Overnight there had been a hell of a south westerly blowing, it even woke me up it was that loud. Combined with a high tide the wind had obviously dislodged the animal and it was floating free somewhere. The question was, upstream or downstream? The tide was running in and all floating objects were going upstream. However the strong wind had been pushing downstream overnight as had the tide. I decided to check both. I climbed in the car and ventured forth on rolling fen roads for mile after mile. The thing is, fen roads are built on a peat subsoil that absorbs and loses water through the season; so the ground ends up swelling and shrinking. It rises and falls like a bride’s nightgown. You end up travelling on tarmac something akin to the world’s longest fair ride. Anyways, I checked the length of the river from bridge after bridge between Denver sluice and Kings Lynn – nada, nothing, nil! All I found were a swift, which clipped my ear as it flew southwards against the still strong wind, and a Common Seal which was almost as lost as the whale. It stared at me with one of those sorrowful big eyed looks and I’m sure it shrugged its shoulders and raised its eyebrows at one point.
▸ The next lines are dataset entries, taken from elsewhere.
(* Let $\mathcal{G}$ be a directed graph consisting of a single cycle over $k+1$ nodes indexed $0,1,\dots,k$, with edges $\ell_1,\dots,\ell_{k+1}$ where $\ell_i$ joins nodes $i-1$ and $i$ for $i=1,\dots,k$ and $\ell_{k+1}$ joins nodes $k$ and $0$ (each edge carries an arbitrary orientation). Each edge is either a lossy pipe $\ell=(m,n)$ with parameter $a_\ell>0$, or a compressor $\ell=(m,n)$ with ratio $\alpha_\ell>0$; assume at least one edge is a lossy pipe. Let $\mathbf{n}\in\{\pm1\}^{k+1}$ be the cycle indicator vector for the cycle direction $0\to1\to\dots\to k\to 0$: $n_i=+1$ if the orientation of $\ell_i$ agrees with this direction and $n_i=-1$ otherwise. Say a pair $(\boldsymbol{\phi},\boldsymbol{\psi})\in\mathbb{R}^{k+1}\times\mathbb{R}^{k+1}$ is admissible if $\psi_m-\psi_n=a_\ell\,\mathrm{sign}(\phi_\ell)\phi_\ell^2$ for every lossy pipe $\ell=(m,n)$, $\psi_j\ge 0$ for every node $j$, and $\psi_n=\alpha_\ell\psi_m$, $\phi_\ell\ge0$ for every compressor $\ell=(m,n)$. Suppose $(\boldsymbol{\phi},\boldsymbol{\psi})$ and $(\tilde{\boldsymbol{\phi}},\tilde{\boldsymbol{\psi}})$ are admissible with $\psi_0=\tilde{\psi}_0$ and $\tilde{\boldsymbol{\phi}}\neq\boldsymbol{\phi}$. Then it is neither the case that $\mathrm{sign}(\tilde{\boldsymbol{\phi}}-\boldsymbol{\phi})\odot\mathbf{n}<\mathbf{0}$ entrywise, nor the case that $\mathrm{sign}(\tilde{\boldsymbol{\phi}}-\boldsymbol{\phi})\odot\mathbf{n}>\mathbf{0}$ entrywise.
   Context: $\mathrm{sign}$ is applied entrywise, with $\mathrm{sign}(x)=+1$ for $x>0$, $-1$ for $x<0$, $0$ for $x=0$; $\odot$ denotes entrywise product of vectors. *)

From mathcomp Require Import all_boot all_order all_algebra.
From mathcomp Require Import reals.
Set Implicit Arguments. Unset Strict Implicit. Unset Printing Implicit Defensive.
Import Order.TTheory GRing.Theory Num.Theory.
Local Open Scope ring_scope.

(* Cycle graph on k+1 nodes 'I_k.+1.  Edges are also indexed by 'I_k.+1:
   edge l (0-based; this is the paper's edge ell_{l+1}) joins node l and node
   ordS l = (l+1) mod (k+1); so edge k joins node k and node 0.
   [orient l = true] means edge l is oriented l -> l+1 (agrees with the cycle
   direction 0 -> 1 -> ... -> k -> 0), otherwise it is oriented l+1 -> l. *)

Definition etail (k : nat) (orient : 'I_k.+1 -> bool) (l : 'I_k.+1) : 'I_k.+1 :=
  if orient l then l else ordS l.
Definition ehead (k : nat) (orient : 'I_k.+1 -> bool) (l : 'I_k.+1) : 'I_k.+1 :=
  if orient l then ordS l else l.

Definition cycle_ind (R : numDomainType) (k : nat) (orient : 'I_k.+1 -> bool)
  (l : 'I_k.+1) : R := if orient l then 1 else -1.

(* [comp l = true]: edge l is a compressor with ratio c l;
   otherwise edge l is a lossy pipe with parameter c l.
   Edge l = (m, n) with m = etail l, n = ehead l. *)
Definition admissible (R : realType) (k : nat) (comp orient : 'I_k.+1 -> bool)
  (c : 'I_k.+1 -> R) (phi psi : 'rV[R]_k.+1) : Prop :=
  [/\ (forall l, ~~ comp l ->
         psi 0 (etail orient l) - psi 0 (ehead orient l)
           = c l * Num.sg (phi 0 l) * phi 0 l ^+ 2),
      (forall j, 0 <= psi 0 j) &
      (forall l, comp l ->
         psi 0 (ehead orient l) = c l * psi 0 (etail orient l) /\ 0 <= phi 0 l)].

From mathcomp Require Import all_boot all_order all_algebra.
From mathcomp Require Import reals.
From mathcomp Require Import lra.
Set Implicit Arguments. Unset Strict Implicit. Unset Printing Implicit Defensive.
Import Order.TTheory GRing.Theory Num.Theory.
Local Open Scope ring_scope.

(* Let D j := psit_j - psi_j be the gap between the two pressure profiles.
   Compressors scale both profiles by the same positive ratio, so they preserve
   the sign of D; the pipe law is strictly increasing in the flow, so if every
   flow change points against the cycle direction, D strictly increases along
   every pipe in that direction.  Starting from D 0 = 0 and going once around
   the cycle, D stays nonnegative and becomes positive after the first pipe,
   contradicting D 0 = 0.  Exchanging the two solutions handles the other sign. *)

Lemma ltr_sgr_sqr (R : realDomainType) (x y : R) :
  x < y -> Num.sg x * x ^+ 2 < Num.sg y * y ^+ 2.
Proof.
by move=> lt_xy; case: (sgrP x) => sx; case: (sgrP y) => sy;
  rewrite ?mul0r ?mul1r ?mulN1r; nra.
Qed.

Lemma val_iter_ordS (k i : nat) : val (iter i (@ordS k.+1) 0) = (i %% k.+1)%N.
Proof.
elim: i => [|i IHi] /=; first by rewrite mod0n.
by rewrite IHi -addn1 modnDml addn1.
Qed.

Lemma iter_ordS_period (k : nat) : iter k.+1 (@ordS k.+1) 0 = 0.
Proof. by apply: val_inj; rewrite val_iter_ordS modnn. Qed.

Lemma iter_ordS_ord (k : nat) (l : 'I_k.+1) : iter l (@ordS k.+1) 0 = l.
Proof. by apply: val_inj; rewrite val_iter_ordS modn_small. Qed.

Section IterateSign.

Variables (R : realDomainType) (T : Type) (f : T -> T) (P : pred T) (D : T -> R).
Hypothesis D_lt : forall y, P y -> D y < D (f y).
Hypothesis sgr_D : forall y, ~~ P y -> Num.sg (D (f y)) = Num.sg (D y).

Lemma iter_ge0_gt0 x i :
  0 <= D x -> 0 <= D (iter i f x) /\
  ((exists2 j, (j < i)%N & P (iter j f x)) -> 0 < D (iter i f x)).
Proof.
have step y : 0 <= D y -> 0 <= D (f y) /\ (P y || (0 < D y) -> 0 < D (f y)).
  case: (boolP (P y)) => [Py | nPy] ge0_y.
    by have lt_fy := le_lt_trans ge0_y (D_lt Py); rewrite (ltW lt_fy).
  split=> [|/= gt0_y].
    by rewrite -sgr_ge0 sgr_D // sgr_ge0.
  by rewrite -sgr_gt0 sgr_D // sgr_gt0.
move=> ge0_x; elim: i => [|i [ge0_i gt0_i]] /=; first by split=> // -[].
have [ge0_fi gt0_fi] := step _ ge0_i; split=> // -[j].
rewrite ltnS leq_eqVlt => /orP[/eqP-> Pi | lt_ji Pj]; apply: gt0_fi.
  by rewrite Pi.
by rewrite gt0_i ?orbT //; exists j.
Qed.

End IterateSign.

Section CycleGap.

Variables (R : realType) (k : nat) (comp orient : 'I_k.+1 -> bool).
Variable c : 'I_k.+1 -> R.
Hypothesis c_gt0 : forall l, 0 < c l.
Variables phi psi phit psit : 'rV[R]_k.+1.
Hypothesis adm : admissible comp orient c phi psi.
Hypothesis admt : admissible comp orient c phit psit.

Let gap j := psit 0 j - psi 0 j.

Lemma sgr_gap_compressor l : comp l -> Num.sg (gap (ordS l)) = Num.sg (gap l).
Proof.
move=> comp_l; have [_ _ /(_ l comp_l) [eq_psi _]] := adm.
have [_ _ /(_ l comp_l) [eq_psit _]] := admt.
have sg_c : Num.sg (c l) = 1 by rewrite gtr0_sg.
move: eq_psi eq_psit; rewrite /gap /ehead /etail.
by case: (orient l) => -> ->; rewrite -mulrBr sgrM sg_c mul1r.
Qed.

Lemma gap_pipe_lt l : ~~ comp l ->
  Num.sg (phit 0 l - phi 0 l) * cycle_ind R orient l < 0 -> gap l < gap (ordS l).
Proof.
move=> pipe_l; have [/(_ l pipe_l) eq_psi _ _] := adm.
have [/(_ l pipe_l) eq_psit _ _] := admt.
have law_lt x y : x < y -> c l * Num.sg x * x ^+ 2 < c l * Num.sg y * y ^+ 2.
  by move=> lt_xy; rewrite -!mulrA ltr_pM2l // ltr_sgr_sqr.
move: eq_psi eq_psit; rewrite /gap /cycle_ind /ehead /etail.
case: (orient l) => eq_psi eq_psit.
  rewrite mulr1 sgr_lt0 subr_lt0 => /law_lt; lra.
rewrite mulrN1 oppr_lt0 sgr_gt0 subr_gt0 => /law_lt; lra.
Qed.

Lemma not_all_flows_against_cycle :
  psi 0 0 = psit 0 0 -> (exists l, ~~ comp l) ->
  ~ (forall l, Num.sg (phit 0 l - phi 0 l) * cycle_ind R orient l < 0).
Proof.
move=> eq0 [l0 pipe_l0] against.
have gap0 : gap 0 = 0 by rewrite /gap eq0 subrr.
have gap0_ge0 : 0 <= gap 0 by rewrite gap0.
have [_ gap_gt0] := iter_ge0_gt0 (P := predC comp)
  (fun l pl => gap_pipe_lt pl (against l))
  (fun l nPl => sgr_gap_compressor (negbNE nPl)) k.+1 gap0_ge0.
have : 0 < gap (iter k.+1 (@ordS k.+1) 0).
  by apply: gap_gt0; exists l0; rewrite ?iter_ordS_ord.
by rewrite iter_ordS_period gap0 ltxx.
Qed.

End CycleGap.

Theorem lemma2 (R : realType) (k : nat) (comp orient : 'I_k.+1 -> bool)
  (c : 'I_k.+1 -> R) (phi psi phit psit : 'rV[R]_k.+1) :
  (forall l, 0 < c l) ->
  (exists l, ~~ comp l) ->
  admissible comp orient c phi psi ->
  admissible comp orient c phit psit ->
  psi 0 0 = psit 0 0 ->
  phit <> phi ->
  ~ (forall l, Num.sg (phit 0 l - phi 0 l) * cycle_ind R orient l < 0) /\
  ~ (forall l, Num.sg (phit 0 l - phi 0 l) * cycle_ind R orient l > 0).
Proof.
move=> c_gt0 has_pipe adm admt eq0 _; split.
  exact: (not_all_flows_against_cycle c_gt0 adm admt eq0 has_pipe).
move=> along; apply: (not_all_flows_against_cycle c_gt0 admt adm (esym eq0) has_pipe).
by move=> l; rewrite -opprB sgrN mulNr oppr_lt0.
Qed.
For my troubles I got a good chastising from an Anglian Water worker for parking in a gateway but even that was preferable to the bull which headed at a not inconsiderable pace in my direction causing me to beat a hasty retreat. Next time I see a sign saying ‘Bull with Cows in Field’ I might take more notice.

However, as I was packing up and heading for my photographic foray in Kings Lynn I spotted something small in the grass. It wasn’t a whale. It was a blue butterfly. A Common Blue. Not that unusual sure, but a very contrasty Common Blue. A late one too.

Forever looking for whales and finding butterflies.

 

15
Sep
17

Camouflaged

Some creatures can be right before your eyes … but can take some finding. I was thinking back this week to January … the 15th to be exact. A memorable wonderful day of new things. As I walked on the isolated island of Magdalena, off Punto Arenas in southern Chile, I passed a shoreline of stones. The Magallenic Penguins were perhaps the highlight, or maybe the Sei Whales or the Commerson’s Dolphins we saw on the return ferry journey. However, hidden among the rocks were Rufous chested Dotterels. Simply unseen until seen. So many highlights to mention … in such a wonderful place.

10
Sep
17

Beautiful

We saw this Chinese Water Deer on tour last weekend. A small alien from the other side of the world but no less beautiful for that.